The semiconductor memory device of the fifteenth example is
Any one of the semiconductor memory devices of the first to third examples,
At least a part of the wiring configuring the error detection and correction unit and at least a part of the wiring configuring the timing control signal generation unit are arranged via one or more other wirings To do.

  Thereby, it is possible to easily reduce the influence of noise on each signal.

  According to the present invention, it is possible to improve a decrease in operation speed performance due to the incorporation of the ECC function.

  Hereinafter, embodiments of the present invention will be described in detail with reference to the drawings. In each of the following embodiments, components having functions similar to those of the other embodiments are denoted by the same reference numerals and description thereof is omitted.

Embodiment 1 of the Invention
FIG. 1 is a block diagram showing a schematic configuration of a semiconductor memory device including an ECC circuit according to the first embodiment of the present invention, which is an example when applied to a DRAM (Dynamic Random Access Memory). Hereinafter, an example in which an appropriate timing control is performed when a read-modify-write operation as one of typical operations of a semiconductor memory device including an ECC circuit will be described.

  The memory array 100 includes a normal memory array 100a that stores normal data and a parity memory array 100b that stores check data for detecting errors in the normal memory array 100a. Although not shown in detail, both the normal memory array 100a and the parity memory array 100b are obtained by arranging the same memory cells in a matrix. Although not shown, data stored in each memory cell is selected by a word line selected by a row decoder circuit corresponding to an address signal input from the outside, and read from the memory cell to a plurality of bit lines. It is. The data read to the bit line is detected and amplified by a sense amplifier, and selectively read out to a large number of normal data lines DL <127: 0> and parity data lines PDL <7: 0> through a switch gate. In general, the sense amplifiers are arranged in a column in the memory array 100 corresponding to each bit line pair, and are configured in a plurality of columns.

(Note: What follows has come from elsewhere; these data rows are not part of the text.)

(* C_k(X) is identified with row vectors 'rV[R]_#|X_k|; the basis element
   indexed by i : 'I_#|X_k| is the simplex enum_val i. *)

(* Matrix B_{d+1} of the boundary map C_{d+1} -> C_d: rows indexed by
   d-simplices tau, columns by (d+1)-simplices sigma; the entry is (-1)^k when
   tau is sigma with its k-th vertex (in increasing order, counted from 0)
   removed, i.e. k = number of vertices of sigma smaller than the removed one. *)
Definition bmx (R : pzRingType) (n : nat) (X : {set {set 'I_n}}) (d : nat) :
    'M[R]_(#|simplices X d|, #|simplices X d.+1|) :=
  \matrix_(i < #|simplices X d|, j < #|simplices X d.+1|)
    let tau : {set 'I_n} := enum_val i in let sigma : {set 'I_n} := enum_val j in
    if tau \subset sigma then
      \sum_(v in sigma :\: tau) (-1) ^+ #|[set u in sigma | (u < v)%N]|
    else 0.

Fixpoint iterD (R : realType) (m : nat) (s : seq 'rV[R]_m)
    (F : 'rV[R]_m -> 'rV[R]_m) : 'rV[R]_m -> 'rV[R]_m :=
  match s with
  | [::] => F
  | v :: s' => fun x => 'D_v (iterD s' F) x
  end.

Definition smooth (R : realType) (m : nat) (F : 'rV[R]_m -> 'rV[R]_m) : Prop :=
  forall (s : seq 'rV[R]_m) (x : 'rV[R]_m), differentiable (iterD s F) x.

Definition componentwise (R : realType) (m : nat) (F : 'rV[R]_m -> 'rV[R]_m) : Prop :=
  forall (x x' : 'rV[R]_m) (s : 'I_m), x 0 s = x' 0 s -> F x 0 s = F x' 0 s.

Definition nroots (R : realType) (P : pred R) (p : {poly R}) (k : nat) : Prop :=
  (exists s : seq R, [/\ size s = k, all P s & (\prod_(r <- s) ('X - r%:P)) %| p])
  /\ (forall s : seq R, all P s -> (\prod_(r <- s) ('X - r%:P)) %| p -> (size s <= k)%N).

Definition same_inertia (R : realType) (a b : nat) (A : 'M[R]_a) (B : 'M[R]_b) : Prop :=
  forall k : nat,
    (nroots (fun r => 0 < r) (char_poly A) k <-> nroots (fun r => 0 < r) (char_poly B) k) /\
    (nroots (fun r => r == 0) (char_poly A) k <-> nroots (fun r => r == 0) (char_poly B) k) /\
    (nroots (fun r => r < 0) (char_poly A) k <-> nroots (fun r => r < 0) (char_poly B) k).

From HB Require Import structures.
From mathcomp Require Import all_boot all_order all_algebra.
From mathcomp Require Import all_classical all_reals all_analysis.
From mathcomp Require Import complex.
Import Order.TTheory GRing.Theory Num.Theory.
Import numFieldNormedType.Exports.

Set Implicit Arguments. Unset Strict Implicit. Unset Printing Implicit Defensive.
Local Open Scope ring_scope.

(* Since c |-> c B^T is injective, x |-> x B maps the zeros of G lying in
   im(B^T) bijectively onto the zeros of F.  At such a zero the Jacobian of G
   is B J B^T, where J = diag(j) is the Jacobian of F, diagonal because F is
   componentwise; on im(B^T) it acts as K J with K = B^T B positive definite.
   Factoring K = T T^*, the matrix K J is similar to the Hermitian matrix
   T^* J T, which is congruent to J, so Sylvester's law of inertia shows that
   its (real) eigenvalues have the same signs as the entries of j.  The
   spectral theorem being available only over algebraically closed fields,
   this last step is carried out in R[i]. *)

Definition inertia (R : numDomainType) n (d : 'rV[R]_n) : nat * nat * nat :=
  (#|[set i | 0 < d 0 i]|, #|[set i | d 0 i == 0]|, #|[set i | d 0 i < 0]|).

Lemma card_inertia (R : numDomainType) n (d : 'rV[R]_n) : d \is a realmx ->
  addn (addn #|[set i | 0 < d 0 i]| #|[set i | d 0 i == 0]|) #|[set i | d 0 i < 0]| = n.
Proof.
move=> /mxOverP dreal.
have posIneg : #|[set i | 0 < d 0 i] :&: [set i | d 0 i < 0]| = 0%N.
  by apply: eq_card0 => i; rewrite !inE lt_asym.
have nonzeroE : ~: [set i | d 0 i == 0] = [set i | 0 < d 0 i] :|: [set i | d 0 i < 0].
  by apply/setP => i; rewrite !inE; case: (real_ltgtP (dreal 0 i) (real0 _)).
by rewrite addnAC -cardsUI posIneg addn0 -nonzeroE addnC cardsC card_ord.
Qed.

Lemma char_poly_diag (R : comNzRingType) n (d : 'rV[R]_n) :
  char_poly (diag_mx d) = \prod_i ('X - (d 0 i)%:P).
Proof.
rewrite char_poly_trig ?diag_mx_is_trig //.
by apply: eq_bigr => i _; rewrite mxE eqxx mulr1n.
Qed.

Lemma char_poly_conj (R : comUnitRingType) n (P A : 'M[R]_n) : P \in unitmx ->
  char_poly (P *m A *m invmx P) = char_poly A.
Proof.
move=> Punit; rewrite /char_poly /char_poly_mx.
set P' := map_mx polyC P; set Pi := map_mx polyC (invmx P).
have PPi : P' *m Pi = 1%:M by rewrite -map_mxM mulmxV // map_mx1.
have -> : 'X%:M - map_mx polyC (P *m A *m invmx P) = P' *m ('X%:M - map_mx polyC A) *m Pi.
  rewrite mulmxBr mulmxBl !map_mxM -/P' -/Pi; congr (_ - _).
  by rewrite scalar_mxC -mulmxA PPi mulmx1.
by rewrite !det_mulmx mulrAC -det_mulmx PPi det1 mul1r.
Qed.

  As described above, data read from the memory cell to the normal data line DL <127: 0> and the parity data line PDL <7: 0> via the bit line is input to the read latch circuit 101. Thereafter, the read signal RYPA is input to the read latch circuit 101, and the data is input to the subsequent ECC circuit 102 as normal read data RD <127: 0> and parity read data PRD <7: 0>. Here, the ECC circuit 102 includes a syndrome generation circuit 102a, an error detection circuit 102b, an error correction circuit 102c, and a parity generation circuit 102d.

  The normal read data RD <127: 0> and parity read data PRD <7: 0> input to the ECC circuit 102 are first input to the syndrome generation circuit 102a to generate 8-bit syndrome SYND <7: 0>. The Next, the syndrome SYND <7: 0> is input to the error detection circuit 102b and decoded to perform error detection as to which bit has an error to generate an error flag ERRF <127: 0>. The error flag ERRF <127: 0> and the normal read data RD <127: 0> are input to the error correction circuit 102c in the subsequent stage, and the error correction is performed by inverting the data of the bit in which the error exists. The corrected read data RO <127: 0> is input to and held in the data latch / input / output circuit 103 in the subsequent stage.

  After that, for example, in response to an instruction from the outside (not shown), a part of the corrected read data RO <127: 0> held in the data latch / input / output circuit 103 is input data DI <127: 0> and is input to the parity generation circuit 102d as normal write data WD <127: 0>.

  The parity generation circuit 102d generates 8-bit parity write data PWD <7: 0> based on the input normal write data WD <127: 0>, and the write buffer circuit together with the normal write data WD <127: 0>. 104 is input.

  In the write buffer circuit 104, a write operation in a circuit including a buffer and other logic elements is activated by the write signal WYPA, and data is written to the normal memory array 100a and the parity memory array 100b, respectively.

  The write signal WYPA is generated based on the same read signal RYPA that is input to the read latch circuit 101. Specifically, the read signal RYPA is input to the read latch circuit 101 and also to the ECC replica circuit 105. Each of the ECC replica circuits 105 is a syndrome generation equivalent circuit 105a, which is a replica circuit composed of a circuit equivalent to some of the syndrome generation circuit 102a, the error detection circuit 102b, the error correction circuit 102c, and the parity generation circuit 102d. The circuit includes an error detection equivalent circuit 105b, an error correction equivalent circuit 105c, and a parity generation equivalent circuit 105d. That is, the read signal RYPA input to the ECC replica circuit 105 is sequentially input to the syndrome generation equivalent circuit 105a, the error detection equivalent circuit 105b, the error correction equivalent circuit 105c, and the parity generation equivalent circuit 105d. A write signal WYPA is input to the write buffer circuit 104 at a timing delayed by a time corresponding to the signal propagation time via a circuit corresponding to the path. Here, the delay time is not necessarily exactly equal to the signal propagation time of the ECC circuit 102, and may be in a range where timing control that satisfies a margin such as control of the write buffer circuit 104 is possible, for example. .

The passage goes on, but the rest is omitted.